Ich packe meine Sachen für einen Kurzaufenthalt in meinem Lieblingskrankenhaus. Ein kleiner chirurgischer Eingriff steht an, nichts Dramatisches, aber doch ein Ereignis, dessen Urlaubscharakter sich nur durch gründliche Vorbereitung erschließen lässt.
Also verordne ich mir als Programm zur Erbauung:
1. Ein paar Pink-Floyd-Alben aus den späten 1960-er und frühen 1970-er-Jahren, die ich in meiner Jugend als psychedelischen Lärm abgetan hatte und denen ich jetzt, im fortgeschrittenen Alter, eine neue Chance geben will.
2. Einen aktuellen Steven-Wilson-Remix des Jethro-Tull-Samplers „Living in The Past“, auch aus den 1970-ern, der 2025 unter dem Titel „Still Living in the Past“ neu veröffentlicht wurde – ein Motto, das meine aktuellen musikalischen Bedürfnisse auf den Punkt bringt.

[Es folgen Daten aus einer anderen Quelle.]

(* For any nonempty starting set $S_0\subseteq V$, any integer $T\geq 0$, and any stopping time $\tau$ (with respect to the natural filtration) for the volume-biased evolving set process $(S_t)$ started from $S_0$ with $\tau\leq T$ almost surely, \[ \widehat{\mathbf E}_{S_0}\Big[\frac{\mathrm{cost}(S_0,\dots,S_\tau)}{\mu(S_\tau)}\Big] \leq 1+4\sqrt{T\log\mu(V)}, \] where $\mathrm{cost}(S_0,\dots,S_t)=\mu(S_0)+\sum_{j=1}^{t}\big(\mu(S_j\,\Delta\, S_{j-1})+\partial(S_{j-1})\big)$ and $\Delta$ denotes symmetric difference.
   Context: Let $G=(V,E)$ be a finite simple undirected graph in which every vertex has positive degree $d(x)$. For $S\subseteq V$, $\mu(S)=\sum_{x\in S}d(x)$, $\partial(S)$ is the number of edges with exactly one endpoint in $S$, and $\phi(S)=\partial(S)/\mu(S)$. $\log$ is the natural logarithm. The lazy random walk has transition kernel $p(x,y)=1/(2d(x))$ if $\{x,y\}\in E$, $p(x,x)=1/2$, and $0$ otherwise; $p(x,S)=\sum_{y\in S}p(x,y)$. The evolving set process (ESP): from state $S$, pick $U$ uniform on $[0,1]$ and move to $\{y: p(y,S)\geq U\}$; $K(S,S')$ denotes its transition kernel. The volume-biased ESP is the Markov chain on nonempty subsets with kernel $\widehat K(S,S')=\frac{\mu(S')}{\mu(S)}K(S,S')$; $\widehat{\mathbf E}_{S_0}$ denotes expectation for it started at $S_0$. *)

From mathcomp Require Import all_boot.
From Stdlib Require Import Reals.

Set Implicit Arguments.
Unset Strict Implicit.
Unset Printing Implicit Defensive.

Definition rsum (A : Type) (s : seq A) (f : A -> R) : R :=
  foldr (fun a acc => Rplus (f a) acc) 0%R s.

Section ESP.
Variable V : finType.
(* simple undirected graph: e symmetric and irreflexive (hypotheses of the theorem) *)
Variable e : rel V.

Definition deg (x : V) : nat := #|[set y | e x y]|.

Definition vol (S : {set V}) : R := INR (\sum_(x in S) deg x).

(* boundary: number of edges with exactly one endpoint in S; each such edge
   {x,y} is counted once as the ordered pair (x,y) with x in S, y not in S *)
Definition bdry (S : {set V}) : R :=
  INR #|[set pr : V * V | [&& pr.1 \in S, pr.2 \notin S & e pr.1 pr.2]]|.

Definition symdiff (A B : {set V}) : {set V} := (A :\: B) :|: (B :\: A).

Definition lazyP (x y : V) : R :=
  if x == y then (/ 2)%R
  else if e x y then (/ (2 * INR (deg x)))%R else 0%R.

Definition lazyPS (x : V) (S : {set V}) : R := rsum (enum S) (fun y => lazyP x y).

(* Evolving set kernel K(S,S') = Leb{ U in [0,1] : {y : p(y,S) >= U} = S' }.
   {y : p(y,S) >= U} = S'  iff  U <= min_{y in S'} p(y,S)  and
   U > max_{y notin S'} p(y,S); so K(S,S') is the length of that interval
   intersected with [0,1] (empty min = 1, empty max = 0; p(y,S) in [0,1]). *)
Definition esp_hi (S S' : {set V}) : R :=
  foldr Rmin 1%R [seq lazyPS y S | y <- enum S'].
Definition esp_lo (S S' : {set V}) : R :=
  foldr Rmax 0%R [seq lazyPS y S | y <- enum (~: S')].
Definition espK (S S' : {set V}) : R := Rmax 0 (esp_hi S S' - esp_lo S S').

Definition espKhat (S S' : {set V}) : R := (vol S' / vol S * espK S S')%R.

(* A trajectory of length T from S0 is encoded by w = (S_1,...,S_T). *)
Definition state (S0 : {set V}) (w : seq {set V}) (j : nat) : {set V} :=
  nth S0 (S0 :: w) j.

Definition path_weight (T : nat) (S0 : {set V}) (w : seq {set V}) : R :=
  foldr Rmult 1%R [seq espKhat (state S0 w j) (state S0 w j.+1) | j <- iota 0 T].

Definition expect (T : nat) (S0 : {set V}) (f : T.-tuple {set V} -> R) : R :=
  rsum (enum {: T.-tuple {set V}}) (fun w => (path_weight T S0 w * f w)%R).

Definition cost (S0 : {set V}) (w : seq {set V}) (t : nat) : R :=
  (vol S0 + rsum (iota 1 t)
     (fun j => vol (symdiff (state S0 w j) (state S0 w j.-1))
               + bdry (state S0 w j.-1)))%R.

End ESP.

Definition is_stopping_time (V : finType) (T : nat) (S0 : {set V})
    (tau : T.-tuple {set V} -> nat) : Prop :=
  forall (w w' : T.-tuple {set V}) (t : nat),
    (forall j, (j <= t)%N -> state S0 w j = state S0 w' j) ->
    (tau w = t <-> tau w' = t).

(* Proof strategy (a potential-function argument).  Write [X = mu(S')/mu(S)]
   for one step [S -> S'] of the evolving set process.  Laziness of the walk
   gives three one-step identities: [E X = 1] (the volume is a martingale),
   [E mu(S' Delta S) = bdry(S)], and, since [S'] and [S] are nested,
   [E |X - 1| = phi(S)].  Combined with the scalar inequality
   [2 |x - 1| <= l (x ln x - x + 1) + 2 (1 + x) / l], this shows that the
   potential [a / mu(S) + l (ln mu(V) - ln mu(S)) + 4 t / l] (accumulated
   cost [a], [t] steps left) does not increase in expectation under the
   volume-biased kernel once the cost of the step is added to [a].  An
   induction on the horizon, restarting the trajectory after its first step
   (the Markov property together with the stopping-time property), bounds
   the expected normalized stopped cost by the initial potential; choosing
   [l = 2 sqrt (T ln mu(V)) / ln mu(V)] gives [1 + 4 sqrt (T ln mu(V))]. *)

From HB Require Import structures.
From mathcomp Require Import all_boot.
From Stdlib Require Import Reals Lra Psatz.

Set Implicit Arguments.
Unset Strict Implicit.
Unset Printing Implicit Defensive.

Local Open Scope R_scope.

Lemma ln_le_mono x y : 0 < x -> x <= y -> ln x <= ln y.
Proof.
move=> hx hxy; case: (Rle_lt_or_eq_dec _ _ hxy) => [h|->]; last lra.
exact/Rlt_le/ln_increasing.
Qed.

(* Tangent-line bound for [ln] at 1, read at [/ s]: [1 - 1/s <= ln s]. *)
Lemma ln_ge_1_sub_inv s : 0 < s -> 1 - / s <= ln s.
Proof.
move=> hs; have := exp_ineq1_le (ln (/ s)).
rewrite exp_ln ?ln_Rinv //; [lra|exact: Rinv_0_lt_compat].
Qed.

Lemma entropy_ge_sqrt_gap x : 0 <= x ->
  (sqrt x - 1) * (sqrt x - 1) <= x * ln x - x + 1.
Proof.
move=> hx; case: (Req_dec x 0) => [->|x0].
  rewrite sqrt_0; lra.
have sp : 0 < sqrt x by apply: sqrt_lt_R0; lra.
have ss : sqrt x * sqrt x = x by apply: sqrt_sqrt.
have ln_x : ln x = 2 * ln (sqrt x) by rewrite -{1}ss ln_mult //; ring.
rewrite ln_x; move: (sqrt x) sp ss => s sp ss {ln_x}; subst x.
have hln := ln_ge_1_sub_inv sp.
have e1 : 1 - / s = (s - 1) / s by field; lra.
rewrite e1 in hln.
have : s * s * ((s - 1) / s) <= s * s * ln s by apply: Rmult_le_compat_l; nra.
have -> : s * s * ((s - 1) / s) = s * (s - 1) by field; lra.
nra.
Qed.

3. „Stabat Mater“ von Antonio Vivaldi in einer Aufnahme aus dem Jahr 1991 mit dem damals hochgelobten Jochen Kowalski. Ich werde testen, ob mir meine strikten Vorbehalte gegenüber Countertenören immer noch unangenehm aufstoßen.
4. Die hochgelobte Fernsehserie „Mad Men“, die schon lange auf meiner „To-do-list“ steht, für die ich mir aber doch nie Zeit gegeben hatte.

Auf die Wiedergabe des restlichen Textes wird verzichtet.